No one can pick the weather and I am not about to, other than to say after a prolonged dry spell (and drought in many areas of Queensland and New South Wales), the odds are that we are closer to a wetter cycle. A good sign is that Northern Queensland, which has had a really troubled couple of years, has had some strong rainfall patterns this summer. The Bureau of Meteorology predicts a reasonably average upcoming autumn rainfall pattern, after being below average in prior years.
Input prices are also falling. Reasonable in-crop rainfall has resulted in lower wheat, barley, cotton seed, and other fodder costs for livestock producers. For instance, Darling Downs wheat has continued its downward trend of 2014, with prices down to $360 to $370 per tonne most recently. Recent pricing across the country also shows hay either steady or falling in most districts.
All these indicators point to an improvement in core profitability in the short to medium term.
However, core profitability is only half the equation of a good investment/lending proposition.
What is more important is the profitability in the context of how much has been invested, adjusted for risk ( the risk adjusted return on assets). We have been arguing for some time that land prices in some areas have been too high for the profit that many farms make. Reported returns on North Queensland beef farms of low single digits, were not sustainable, particularly given the business risk farmers take. There is a valuation/financial return gap which must be closed, although in the beef industry (with production cycles extending to years) these sorts of imbalances can take a long time to play out.

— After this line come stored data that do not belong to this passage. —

(* Let $n > 1$ and let $M$ be a right $R$-module. Then the left $R$-module $M^+$ is $\mathrm{FP}_n$-flat if and only if $M$ is $\mathrm{FP}_n$-injective.
   Context: $R$ is an associative ring with unit. For $n \ge 0$, a (left or right) $R$-module is finitely $n$-presented if there is an exact sequence $F_n \to \cdots \to F_0 \to M \to 0$ with every $F_i$ finitely generated free; $\mathrm{FP}_n$ denotes the class of such modules (on the relevant side). A right (resp. left) $R$-module $N$ is $\mathrm{FP}_n$-injective if $\mathrm{Ext}^1_R(F,N)=0$ for every right (resp. left) $R$-module $F \in \mathrm{FP}_n$. A left $R$-module $M$ is $\mathrm{FP}_n$-flat if $\mathrm{Tor}_1^R(F,M)=0$ for every right $R$-module $F \in \mathrm{FP}_n$. The character module of a module $M$ is $M^+ = \mathrm{Hom}_{\mathbb Z}(M,\mathbb Q/\mathbb Z)$, a module on the opposite side. *)

From HB Require Import structures.
From mathcomp Require Import all_boot all_order all_algebra.
Set Implicit Arguments. Unset Strict Implicit. Unset Printing Implicit Defensive.
Import Order.TTheory GRing.Theory Num.Theory.
Local Open Scope ring_scope.

(* The group Q/Z, represented by the half-open interval [0,1) of rat.  *)
Definition frac (x : rat) : rat := x - (Num.floor x)%:~R.

Lemma frac_ge0 x : 0 <= frac x.
Proof. by rewrite /frac subr_ge0 Num.Theory.floor_le. Qed.

Lemma frac_lt1 x : frac x < 1.
Proof. by rewrite /frac ltrBlDr addrC -[1]/(1%:~R) -rmorphD Num.Theory.floorD1_gt. Qed.

Definition QZ := {q : rat | (0 <= q) && (q < 1)}.

Definition qz_of (x : rat) : QZ :=
  exist _ (frac x) (introT andP (conj (frac_ge0 x) (frac_lt1 x))).
Definition qz0 : QZ := qz_of 0.
Definition qz_add (a b : QZ) : QZ := qz_of (sval a + sval b).

Lemma fracDl x y : frac (frac x + y) = frac (x + y).
Proof.
have -> : frac x + y = (x + y) + (- Num.floor x)%:~R.
  by rewrite /frac rmorphN /= addrAC.
rewrite /frac floorDrz ?intr_int // intrKfloor rmorphD /= opprD addrA.
by rewrite rmorphN /= opprK addrAC subrK.
Qed.
Lemma qz_addC a b : qz_add a b = qz_add b a.
Proof. by apply: val_inj; rewrite /= addrC. Qed.

Lemma qz_addA a b c : qz_add a (qz_add b c) = qz_add (qz_add a b) c.
Proof.
by apply: val_inj => /=; rewrite [sval a + _]addrC !fracDl addrC addrA.
Qed.

Lemma qz_add00 : qz_add qz0 qz0 = qz0.
Proof. by apply: val_inj => /=; rewrite fracDl addrC fracDl. Qed.

(* Modules.  A left S-module is an [lmodType S]; a right R-module is a  *)
(* left module over the converse ring [R^c] (m . r := r *: m).          *)

(* A finite free partial resolution of length n of a left S-module F:   *)
(*   F_n --A (n-1)--> ... --A 1--> F_1 --A 0--> F_0 --e--> F --> 0      *)
(* with F_i = S^(k i) (row vectors, S acting on the left), the map      *)
(* F_(i+1) -> F_i being v |-> v *m A i, e linear and onto, and the      *)
(* sequence exact at F, F_0, ..., F_(n-1).                              *)
Definition is_free_res (S : pzRingType) (F : lmodType S) (n : nat)
    (k : nat -> nat) (A : forall i, 'M[S]_(k i.+1, k i))
    (e : 'rV[S]_(k 0) -> F) : Prop :=
  [/\ forall (a : S) u v, e (a *: u + v) = a *: e u + e v,
      forall x : F, exists v, e v = x,
      (0 < n)%N -> forall v, e v = 0 <-> exists w, v = w *m A 0
    & forall j, (j.+1 < n)%N ->
        forall v : 'rV[S]_(k j.+1), v *m A j = 0 <-> exists w, v = w *m A j.+1].

Definition FPn (S : pzRingType) (n : nat) (F : lmodType S) : Prop :=
  exists k A e, @is_free_res S F n k A e.

(* Ext^1_S(F, N) = 0, computed (as usual) from a finite free resolution *)
(* of F: H^1 of  Hom(F_0,N) -> Hom(F_1,N) -> Hom(F_2,N), where          *)
(* Hom(S^k, N) = N^k.  (Only used for F in FP_n with n >= 2, so such   *)
(* resolutions exist; we require the vanishing for every one of them.) *)
Definition ext1_zero (S : pzRingType) (F N : lmodType S) : Prop :=
  forall k A e, @is_free_res S F 2 k A e ->
  forall y : 'I_(k 1%N) -> N,
    (forall r : 'I_(k 2%N), \sum_(p < k 1%N) A 1%N r p *: y p = 0) ->
    exists x : 'I_(k 0%N) -> N, forall p, y p = \sum_(q < k 0%N) A 0%N p q *: x q.

Definition FPn_injective (S : pzRingType) (n : nat) (N : lmodType S) : Prop :=
  forall F : lmodType S, FPn n F -> ext1_zero F N.

Record lpremod (R : Type) := LPreMod {
  lpm_car :> Type;
  lpm_zero : lpm_car;
  lpm_add : lpm_car -> lpm_car -> lpm_car;
  lpm_act : R -> lpm_car -> lpm_car }.
Arguments lpm_zero {R} l.
Arguments lpm_add {R} l.
Arguments lpm_act {R} l.

(* Tor_1^R(F, X) = 0 for a right R-module F and a left R-module X,      *)
(* computed from a finite free resolution of F: H_1 of                 *)
(*   F_2 (x) X -> F_1 (x) X -> F_0 (x) X,  with R^k (x)_R X = X^k.      *)
Definition tor1_zero (R : pzRingType) (F : lmodType R^c) (X : lpremod R) : Prop :=
  forall k (A : forall i, 'M[R^c]_(k i.+1, k i)) e, @is_free_res R^c F 2 k A e ->
  forall z : 'I_(k 1%N) -> X,
    (forall q : 'I_(k 0%N),
        \big[lpm_add X/lpm_zero X]_(p < k 1%N) lpm_act X (A 0%N p q : R) (z p)
        = lpm_zero X) ->
    exists w : 'I_(k 2%N) -> X, forall p,
      z p = \big[lpm_add X/lpm_zero X]_(r < k 2%N) lpm_act X (A 1%N r p : R) (w r).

There are only two things that must happen to close the valuation/financial return gap, either land prices must go down, or profitability must go up. In recent times we have seen land prices coming down (and we will be watching the next ABARES farm returns report with interest - due in March), and with the recent changes in the market, profitability is improving. Whilst in some areas there’s a way to go before we see acceptable returns, with the positive signs we are seeing, beef is definitely worth another look.